_Instructions for the task:_ Go through the records and report each line holding the string "injectiveP".
+++ Source material
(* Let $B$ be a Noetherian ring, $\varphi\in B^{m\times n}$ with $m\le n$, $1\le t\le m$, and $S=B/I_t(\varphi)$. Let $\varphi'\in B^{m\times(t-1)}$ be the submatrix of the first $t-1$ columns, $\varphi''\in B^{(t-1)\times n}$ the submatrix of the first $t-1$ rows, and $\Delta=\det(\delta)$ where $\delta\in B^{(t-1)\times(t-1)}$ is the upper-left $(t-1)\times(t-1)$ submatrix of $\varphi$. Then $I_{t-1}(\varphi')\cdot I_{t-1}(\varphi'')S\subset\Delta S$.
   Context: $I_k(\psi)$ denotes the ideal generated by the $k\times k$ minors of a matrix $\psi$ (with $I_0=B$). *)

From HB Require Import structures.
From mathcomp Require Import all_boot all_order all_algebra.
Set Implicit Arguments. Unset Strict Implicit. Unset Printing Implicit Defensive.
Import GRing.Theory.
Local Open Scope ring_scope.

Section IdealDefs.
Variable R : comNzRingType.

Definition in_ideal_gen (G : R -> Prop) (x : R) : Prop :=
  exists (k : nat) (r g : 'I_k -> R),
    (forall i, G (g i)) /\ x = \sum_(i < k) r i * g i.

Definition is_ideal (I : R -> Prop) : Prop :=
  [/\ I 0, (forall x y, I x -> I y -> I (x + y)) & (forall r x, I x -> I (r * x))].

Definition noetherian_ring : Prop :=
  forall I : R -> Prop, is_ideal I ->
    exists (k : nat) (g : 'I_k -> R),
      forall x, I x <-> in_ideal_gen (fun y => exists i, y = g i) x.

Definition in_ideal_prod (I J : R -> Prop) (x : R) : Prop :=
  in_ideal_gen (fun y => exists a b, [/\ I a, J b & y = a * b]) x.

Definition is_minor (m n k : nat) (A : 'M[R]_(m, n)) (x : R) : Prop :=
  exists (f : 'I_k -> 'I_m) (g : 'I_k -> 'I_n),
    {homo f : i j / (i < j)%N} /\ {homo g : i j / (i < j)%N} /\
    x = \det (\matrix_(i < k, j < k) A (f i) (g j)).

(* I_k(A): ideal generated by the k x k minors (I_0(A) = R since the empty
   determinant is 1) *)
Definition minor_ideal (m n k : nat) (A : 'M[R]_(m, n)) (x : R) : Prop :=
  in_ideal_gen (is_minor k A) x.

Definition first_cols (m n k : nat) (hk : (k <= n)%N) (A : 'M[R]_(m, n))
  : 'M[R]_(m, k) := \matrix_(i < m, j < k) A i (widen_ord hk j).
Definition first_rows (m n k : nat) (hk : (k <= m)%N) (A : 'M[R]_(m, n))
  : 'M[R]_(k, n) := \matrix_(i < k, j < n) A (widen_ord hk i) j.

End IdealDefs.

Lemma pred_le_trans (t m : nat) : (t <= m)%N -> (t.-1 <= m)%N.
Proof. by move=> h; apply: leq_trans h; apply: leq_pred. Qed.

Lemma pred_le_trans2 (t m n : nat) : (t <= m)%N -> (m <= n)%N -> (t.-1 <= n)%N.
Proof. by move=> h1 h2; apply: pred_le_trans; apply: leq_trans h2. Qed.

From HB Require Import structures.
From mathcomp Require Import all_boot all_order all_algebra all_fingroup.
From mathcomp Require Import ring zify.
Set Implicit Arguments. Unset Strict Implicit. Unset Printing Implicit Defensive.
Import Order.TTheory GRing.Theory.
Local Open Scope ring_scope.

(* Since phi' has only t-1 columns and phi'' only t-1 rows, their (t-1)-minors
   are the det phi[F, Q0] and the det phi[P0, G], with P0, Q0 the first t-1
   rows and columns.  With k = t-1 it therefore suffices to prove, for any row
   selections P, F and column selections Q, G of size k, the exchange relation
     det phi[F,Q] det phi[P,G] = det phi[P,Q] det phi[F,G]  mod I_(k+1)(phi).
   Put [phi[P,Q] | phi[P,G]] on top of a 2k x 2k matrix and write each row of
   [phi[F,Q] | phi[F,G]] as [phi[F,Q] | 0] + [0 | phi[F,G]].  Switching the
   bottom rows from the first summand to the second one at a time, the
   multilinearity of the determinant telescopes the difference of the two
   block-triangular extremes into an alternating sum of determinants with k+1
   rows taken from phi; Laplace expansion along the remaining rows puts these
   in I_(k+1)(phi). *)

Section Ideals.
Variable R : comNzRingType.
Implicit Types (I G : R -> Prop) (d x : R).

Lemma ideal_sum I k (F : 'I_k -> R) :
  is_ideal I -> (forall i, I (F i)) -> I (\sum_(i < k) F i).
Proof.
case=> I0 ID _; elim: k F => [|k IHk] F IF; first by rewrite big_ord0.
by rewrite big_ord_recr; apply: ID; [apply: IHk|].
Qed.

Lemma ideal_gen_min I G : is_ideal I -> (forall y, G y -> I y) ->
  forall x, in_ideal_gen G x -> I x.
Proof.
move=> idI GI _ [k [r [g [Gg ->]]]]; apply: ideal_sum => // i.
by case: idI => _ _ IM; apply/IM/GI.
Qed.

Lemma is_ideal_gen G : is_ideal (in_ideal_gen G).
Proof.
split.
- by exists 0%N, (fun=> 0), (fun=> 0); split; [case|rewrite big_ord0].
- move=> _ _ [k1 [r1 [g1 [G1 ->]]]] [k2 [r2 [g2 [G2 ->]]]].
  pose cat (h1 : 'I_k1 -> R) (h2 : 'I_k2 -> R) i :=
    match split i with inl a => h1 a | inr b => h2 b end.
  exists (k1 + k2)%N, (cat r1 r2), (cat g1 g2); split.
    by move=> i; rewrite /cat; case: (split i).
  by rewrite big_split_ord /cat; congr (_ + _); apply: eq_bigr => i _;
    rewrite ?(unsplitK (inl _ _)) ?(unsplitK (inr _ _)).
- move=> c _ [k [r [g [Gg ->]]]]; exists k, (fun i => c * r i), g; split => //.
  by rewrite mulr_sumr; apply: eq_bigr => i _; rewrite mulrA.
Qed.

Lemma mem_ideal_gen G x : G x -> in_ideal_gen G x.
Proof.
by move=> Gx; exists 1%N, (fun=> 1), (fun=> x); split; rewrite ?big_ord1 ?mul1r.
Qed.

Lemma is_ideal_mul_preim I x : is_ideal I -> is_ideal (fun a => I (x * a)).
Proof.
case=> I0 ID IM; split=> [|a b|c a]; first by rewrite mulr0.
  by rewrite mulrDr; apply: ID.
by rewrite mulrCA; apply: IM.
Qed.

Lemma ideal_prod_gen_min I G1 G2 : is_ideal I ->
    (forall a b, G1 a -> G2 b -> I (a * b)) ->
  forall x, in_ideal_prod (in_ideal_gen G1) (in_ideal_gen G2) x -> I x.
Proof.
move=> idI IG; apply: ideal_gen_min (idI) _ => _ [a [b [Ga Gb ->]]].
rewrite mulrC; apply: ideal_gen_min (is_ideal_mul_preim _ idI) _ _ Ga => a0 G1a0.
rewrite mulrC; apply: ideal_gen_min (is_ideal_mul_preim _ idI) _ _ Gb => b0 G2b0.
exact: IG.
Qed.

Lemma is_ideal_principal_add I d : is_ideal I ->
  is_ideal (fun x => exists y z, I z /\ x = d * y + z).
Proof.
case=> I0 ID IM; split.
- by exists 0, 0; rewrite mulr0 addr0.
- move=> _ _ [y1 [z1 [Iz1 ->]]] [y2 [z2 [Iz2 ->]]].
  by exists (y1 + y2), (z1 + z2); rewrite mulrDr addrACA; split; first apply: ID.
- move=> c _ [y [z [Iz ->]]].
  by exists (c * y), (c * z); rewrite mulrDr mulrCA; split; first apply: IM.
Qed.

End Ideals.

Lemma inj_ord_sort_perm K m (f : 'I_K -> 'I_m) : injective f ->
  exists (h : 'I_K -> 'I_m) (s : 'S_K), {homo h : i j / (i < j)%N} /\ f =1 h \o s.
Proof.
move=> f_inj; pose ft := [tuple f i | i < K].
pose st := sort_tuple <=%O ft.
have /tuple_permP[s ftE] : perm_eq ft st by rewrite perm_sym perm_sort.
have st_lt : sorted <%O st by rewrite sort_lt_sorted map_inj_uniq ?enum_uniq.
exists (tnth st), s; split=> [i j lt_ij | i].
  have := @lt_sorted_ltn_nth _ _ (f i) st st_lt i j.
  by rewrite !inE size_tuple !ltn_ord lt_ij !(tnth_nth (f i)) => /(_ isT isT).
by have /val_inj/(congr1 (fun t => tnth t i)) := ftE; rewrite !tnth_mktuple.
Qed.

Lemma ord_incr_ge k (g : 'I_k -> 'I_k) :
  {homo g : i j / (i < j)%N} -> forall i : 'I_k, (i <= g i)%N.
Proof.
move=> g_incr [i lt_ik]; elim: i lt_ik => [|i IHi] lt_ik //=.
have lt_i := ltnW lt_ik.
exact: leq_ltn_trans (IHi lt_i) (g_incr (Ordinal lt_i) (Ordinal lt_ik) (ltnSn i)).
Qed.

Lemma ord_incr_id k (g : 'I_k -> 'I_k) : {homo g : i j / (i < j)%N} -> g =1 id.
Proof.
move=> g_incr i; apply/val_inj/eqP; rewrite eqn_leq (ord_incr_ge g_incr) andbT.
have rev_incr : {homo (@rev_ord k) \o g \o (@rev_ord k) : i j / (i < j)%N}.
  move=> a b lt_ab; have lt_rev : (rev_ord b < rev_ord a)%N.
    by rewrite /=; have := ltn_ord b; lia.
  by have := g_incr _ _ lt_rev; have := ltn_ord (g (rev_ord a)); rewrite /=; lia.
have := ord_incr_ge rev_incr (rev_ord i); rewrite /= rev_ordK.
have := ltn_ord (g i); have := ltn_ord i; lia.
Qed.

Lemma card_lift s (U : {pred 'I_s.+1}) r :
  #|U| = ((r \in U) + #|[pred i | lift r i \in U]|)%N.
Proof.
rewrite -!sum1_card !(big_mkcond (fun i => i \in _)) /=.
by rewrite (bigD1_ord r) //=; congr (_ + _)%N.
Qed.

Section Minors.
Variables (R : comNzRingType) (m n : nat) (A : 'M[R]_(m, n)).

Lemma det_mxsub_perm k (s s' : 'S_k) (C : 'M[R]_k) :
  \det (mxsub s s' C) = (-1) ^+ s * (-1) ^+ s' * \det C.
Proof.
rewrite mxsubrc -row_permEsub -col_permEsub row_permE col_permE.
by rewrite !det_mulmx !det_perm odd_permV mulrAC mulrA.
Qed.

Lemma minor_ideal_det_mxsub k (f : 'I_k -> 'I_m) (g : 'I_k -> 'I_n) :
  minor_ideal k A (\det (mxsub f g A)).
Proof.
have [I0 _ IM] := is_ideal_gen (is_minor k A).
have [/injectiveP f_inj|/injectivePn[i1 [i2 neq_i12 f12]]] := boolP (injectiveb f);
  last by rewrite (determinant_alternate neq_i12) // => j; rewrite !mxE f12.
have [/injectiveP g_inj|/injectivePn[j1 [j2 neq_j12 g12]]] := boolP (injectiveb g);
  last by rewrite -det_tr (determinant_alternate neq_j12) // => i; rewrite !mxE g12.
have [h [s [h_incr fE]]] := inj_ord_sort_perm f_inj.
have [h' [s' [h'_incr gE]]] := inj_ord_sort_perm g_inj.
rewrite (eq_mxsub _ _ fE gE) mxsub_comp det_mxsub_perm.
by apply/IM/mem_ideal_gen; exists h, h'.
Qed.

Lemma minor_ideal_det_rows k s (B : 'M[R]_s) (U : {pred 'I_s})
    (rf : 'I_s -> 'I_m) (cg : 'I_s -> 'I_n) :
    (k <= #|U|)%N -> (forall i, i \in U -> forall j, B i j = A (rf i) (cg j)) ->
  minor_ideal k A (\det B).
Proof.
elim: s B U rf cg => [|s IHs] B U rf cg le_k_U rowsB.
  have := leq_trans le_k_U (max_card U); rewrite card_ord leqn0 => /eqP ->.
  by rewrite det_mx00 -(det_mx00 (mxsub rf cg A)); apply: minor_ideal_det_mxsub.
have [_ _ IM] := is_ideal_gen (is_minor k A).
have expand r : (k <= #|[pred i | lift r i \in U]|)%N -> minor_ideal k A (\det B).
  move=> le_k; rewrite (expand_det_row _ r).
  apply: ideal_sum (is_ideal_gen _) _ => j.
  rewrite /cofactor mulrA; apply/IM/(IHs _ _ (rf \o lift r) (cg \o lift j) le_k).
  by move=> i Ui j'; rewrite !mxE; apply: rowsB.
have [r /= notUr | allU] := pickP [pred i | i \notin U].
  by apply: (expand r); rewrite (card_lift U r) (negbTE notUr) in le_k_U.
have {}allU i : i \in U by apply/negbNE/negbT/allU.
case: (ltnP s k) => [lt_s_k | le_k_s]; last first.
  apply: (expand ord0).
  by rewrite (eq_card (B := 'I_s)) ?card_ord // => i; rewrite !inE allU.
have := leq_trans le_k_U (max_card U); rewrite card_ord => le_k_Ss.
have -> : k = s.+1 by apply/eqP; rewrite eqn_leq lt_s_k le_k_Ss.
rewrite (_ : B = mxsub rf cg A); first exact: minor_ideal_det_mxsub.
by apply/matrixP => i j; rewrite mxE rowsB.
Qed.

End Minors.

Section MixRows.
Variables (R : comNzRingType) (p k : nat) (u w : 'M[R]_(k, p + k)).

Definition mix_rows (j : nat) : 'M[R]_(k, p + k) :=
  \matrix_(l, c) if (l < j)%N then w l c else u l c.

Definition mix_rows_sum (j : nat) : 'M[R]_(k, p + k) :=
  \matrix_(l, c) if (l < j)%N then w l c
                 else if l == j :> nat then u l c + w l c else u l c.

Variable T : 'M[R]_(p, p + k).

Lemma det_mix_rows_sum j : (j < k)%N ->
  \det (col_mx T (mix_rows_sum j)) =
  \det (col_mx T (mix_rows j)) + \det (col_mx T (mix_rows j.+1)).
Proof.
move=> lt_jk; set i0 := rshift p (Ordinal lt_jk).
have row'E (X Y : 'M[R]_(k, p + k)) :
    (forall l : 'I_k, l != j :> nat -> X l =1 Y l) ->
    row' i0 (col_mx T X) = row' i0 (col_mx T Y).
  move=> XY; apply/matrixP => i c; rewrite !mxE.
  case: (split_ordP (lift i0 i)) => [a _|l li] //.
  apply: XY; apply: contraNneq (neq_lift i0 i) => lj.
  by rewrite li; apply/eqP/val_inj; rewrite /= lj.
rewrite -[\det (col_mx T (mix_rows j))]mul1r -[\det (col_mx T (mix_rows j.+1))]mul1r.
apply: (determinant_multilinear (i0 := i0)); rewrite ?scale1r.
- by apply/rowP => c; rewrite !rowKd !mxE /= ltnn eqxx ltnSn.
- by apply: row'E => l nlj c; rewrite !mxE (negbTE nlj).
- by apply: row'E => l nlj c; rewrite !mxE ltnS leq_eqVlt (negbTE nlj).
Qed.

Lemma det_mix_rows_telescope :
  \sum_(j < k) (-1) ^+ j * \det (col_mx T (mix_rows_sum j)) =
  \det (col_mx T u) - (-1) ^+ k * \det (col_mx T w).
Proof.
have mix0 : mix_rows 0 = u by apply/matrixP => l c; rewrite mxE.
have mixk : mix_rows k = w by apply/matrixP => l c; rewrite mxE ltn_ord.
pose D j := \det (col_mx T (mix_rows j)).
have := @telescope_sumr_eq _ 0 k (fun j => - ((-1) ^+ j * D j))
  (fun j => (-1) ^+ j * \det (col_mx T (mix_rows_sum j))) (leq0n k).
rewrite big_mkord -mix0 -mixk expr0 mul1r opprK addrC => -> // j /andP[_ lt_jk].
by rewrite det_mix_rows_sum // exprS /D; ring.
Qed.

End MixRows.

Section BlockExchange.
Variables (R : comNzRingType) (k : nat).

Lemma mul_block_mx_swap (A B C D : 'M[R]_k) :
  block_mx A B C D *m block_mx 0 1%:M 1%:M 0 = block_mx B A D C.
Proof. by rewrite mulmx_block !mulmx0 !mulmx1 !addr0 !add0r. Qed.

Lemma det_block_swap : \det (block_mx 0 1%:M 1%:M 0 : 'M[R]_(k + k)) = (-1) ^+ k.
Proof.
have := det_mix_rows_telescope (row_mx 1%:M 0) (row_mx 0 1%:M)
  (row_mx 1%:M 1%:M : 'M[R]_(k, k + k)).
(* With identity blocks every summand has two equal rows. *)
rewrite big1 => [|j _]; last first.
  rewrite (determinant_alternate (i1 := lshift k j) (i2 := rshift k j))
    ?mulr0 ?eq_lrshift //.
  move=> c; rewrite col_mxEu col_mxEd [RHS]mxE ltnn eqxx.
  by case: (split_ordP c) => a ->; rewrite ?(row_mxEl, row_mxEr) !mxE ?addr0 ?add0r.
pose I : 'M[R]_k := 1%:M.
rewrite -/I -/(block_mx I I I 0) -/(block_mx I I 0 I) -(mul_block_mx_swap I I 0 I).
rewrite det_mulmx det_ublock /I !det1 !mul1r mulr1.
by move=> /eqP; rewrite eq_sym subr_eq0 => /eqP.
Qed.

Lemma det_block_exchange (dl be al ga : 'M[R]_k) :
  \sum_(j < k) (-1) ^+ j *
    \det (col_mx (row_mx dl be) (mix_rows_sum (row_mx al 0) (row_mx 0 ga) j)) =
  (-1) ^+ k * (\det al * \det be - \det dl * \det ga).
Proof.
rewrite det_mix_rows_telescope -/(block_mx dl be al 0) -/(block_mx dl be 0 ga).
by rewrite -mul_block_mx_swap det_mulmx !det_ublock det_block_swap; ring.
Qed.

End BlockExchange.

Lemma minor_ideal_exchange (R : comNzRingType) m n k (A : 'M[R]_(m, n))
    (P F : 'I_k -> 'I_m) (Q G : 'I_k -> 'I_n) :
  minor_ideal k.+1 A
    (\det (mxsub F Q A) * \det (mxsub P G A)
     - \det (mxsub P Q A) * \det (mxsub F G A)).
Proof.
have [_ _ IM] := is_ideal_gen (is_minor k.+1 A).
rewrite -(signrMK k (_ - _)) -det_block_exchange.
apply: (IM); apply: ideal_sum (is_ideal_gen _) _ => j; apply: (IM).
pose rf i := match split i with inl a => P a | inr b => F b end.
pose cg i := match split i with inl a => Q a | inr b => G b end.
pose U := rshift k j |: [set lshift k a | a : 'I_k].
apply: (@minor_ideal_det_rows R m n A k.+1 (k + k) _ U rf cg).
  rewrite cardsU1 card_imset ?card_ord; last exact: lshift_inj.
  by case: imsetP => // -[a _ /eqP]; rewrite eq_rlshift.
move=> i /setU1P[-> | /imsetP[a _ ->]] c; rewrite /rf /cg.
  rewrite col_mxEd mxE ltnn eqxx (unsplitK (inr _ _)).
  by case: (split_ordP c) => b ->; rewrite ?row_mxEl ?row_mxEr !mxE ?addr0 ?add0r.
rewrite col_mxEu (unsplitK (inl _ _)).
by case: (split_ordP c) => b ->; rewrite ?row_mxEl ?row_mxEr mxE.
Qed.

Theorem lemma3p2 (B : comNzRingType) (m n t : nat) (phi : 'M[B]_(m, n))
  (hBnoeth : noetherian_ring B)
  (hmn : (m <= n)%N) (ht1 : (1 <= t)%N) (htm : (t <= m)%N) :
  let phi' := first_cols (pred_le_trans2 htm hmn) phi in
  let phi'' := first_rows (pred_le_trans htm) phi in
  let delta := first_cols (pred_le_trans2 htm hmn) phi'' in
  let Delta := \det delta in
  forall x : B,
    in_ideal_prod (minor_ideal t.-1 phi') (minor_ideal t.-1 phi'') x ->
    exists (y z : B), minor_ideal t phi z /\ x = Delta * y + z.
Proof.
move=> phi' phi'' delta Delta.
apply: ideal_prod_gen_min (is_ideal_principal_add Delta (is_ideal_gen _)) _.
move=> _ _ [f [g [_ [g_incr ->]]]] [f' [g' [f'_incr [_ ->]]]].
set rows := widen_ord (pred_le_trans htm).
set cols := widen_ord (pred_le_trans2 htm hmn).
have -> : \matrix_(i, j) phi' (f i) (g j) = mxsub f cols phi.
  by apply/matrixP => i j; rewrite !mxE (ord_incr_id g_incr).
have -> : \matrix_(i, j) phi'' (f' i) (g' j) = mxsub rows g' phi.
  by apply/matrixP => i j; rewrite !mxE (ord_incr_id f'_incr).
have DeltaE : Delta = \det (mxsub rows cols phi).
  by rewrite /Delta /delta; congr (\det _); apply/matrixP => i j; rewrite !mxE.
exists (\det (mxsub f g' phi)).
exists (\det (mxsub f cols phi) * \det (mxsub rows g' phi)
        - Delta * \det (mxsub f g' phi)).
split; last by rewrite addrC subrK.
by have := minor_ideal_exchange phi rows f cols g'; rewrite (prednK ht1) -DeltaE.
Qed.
++++++
+++ Source material
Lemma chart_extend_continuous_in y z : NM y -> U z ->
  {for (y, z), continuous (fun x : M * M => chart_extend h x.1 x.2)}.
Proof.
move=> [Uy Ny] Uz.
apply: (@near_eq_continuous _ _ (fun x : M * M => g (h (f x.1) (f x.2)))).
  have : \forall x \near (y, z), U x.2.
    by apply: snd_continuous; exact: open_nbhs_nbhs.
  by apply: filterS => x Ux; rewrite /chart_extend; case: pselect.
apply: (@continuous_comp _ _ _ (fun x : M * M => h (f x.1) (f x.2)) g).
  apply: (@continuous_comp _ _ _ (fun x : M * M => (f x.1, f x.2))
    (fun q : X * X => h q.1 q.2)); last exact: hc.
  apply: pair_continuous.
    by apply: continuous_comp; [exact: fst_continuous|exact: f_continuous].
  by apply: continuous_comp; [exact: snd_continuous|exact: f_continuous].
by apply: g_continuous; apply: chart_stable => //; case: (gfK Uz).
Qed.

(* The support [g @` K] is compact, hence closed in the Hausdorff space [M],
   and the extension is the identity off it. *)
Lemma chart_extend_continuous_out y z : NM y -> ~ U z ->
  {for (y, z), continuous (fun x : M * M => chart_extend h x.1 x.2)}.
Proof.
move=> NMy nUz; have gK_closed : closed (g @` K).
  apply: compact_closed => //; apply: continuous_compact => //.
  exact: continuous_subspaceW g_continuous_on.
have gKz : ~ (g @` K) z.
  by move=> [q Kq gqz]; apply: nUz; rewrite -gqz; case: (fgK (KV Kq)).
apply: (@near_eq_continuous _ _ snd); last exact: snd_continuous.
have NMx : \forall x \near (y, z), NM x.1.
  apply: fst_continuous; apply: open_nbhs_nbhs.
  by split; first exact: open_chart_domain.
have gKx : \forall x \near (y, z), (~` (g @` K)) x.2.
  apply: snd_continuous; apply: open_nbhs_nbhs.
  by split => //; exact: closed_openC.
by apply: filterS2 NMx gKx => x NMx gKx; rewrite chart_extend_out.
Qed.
++++++
_Task result:_
have [/injectiveP f_inj|/injectivePn[i1 [i2 neq_i12 f12]]] := boolP (injectiveb f);
have [/injectiveP g_inj|/injectivePn[j1 [j2 neq_j12 g12]]] := boolP (injectiveb g);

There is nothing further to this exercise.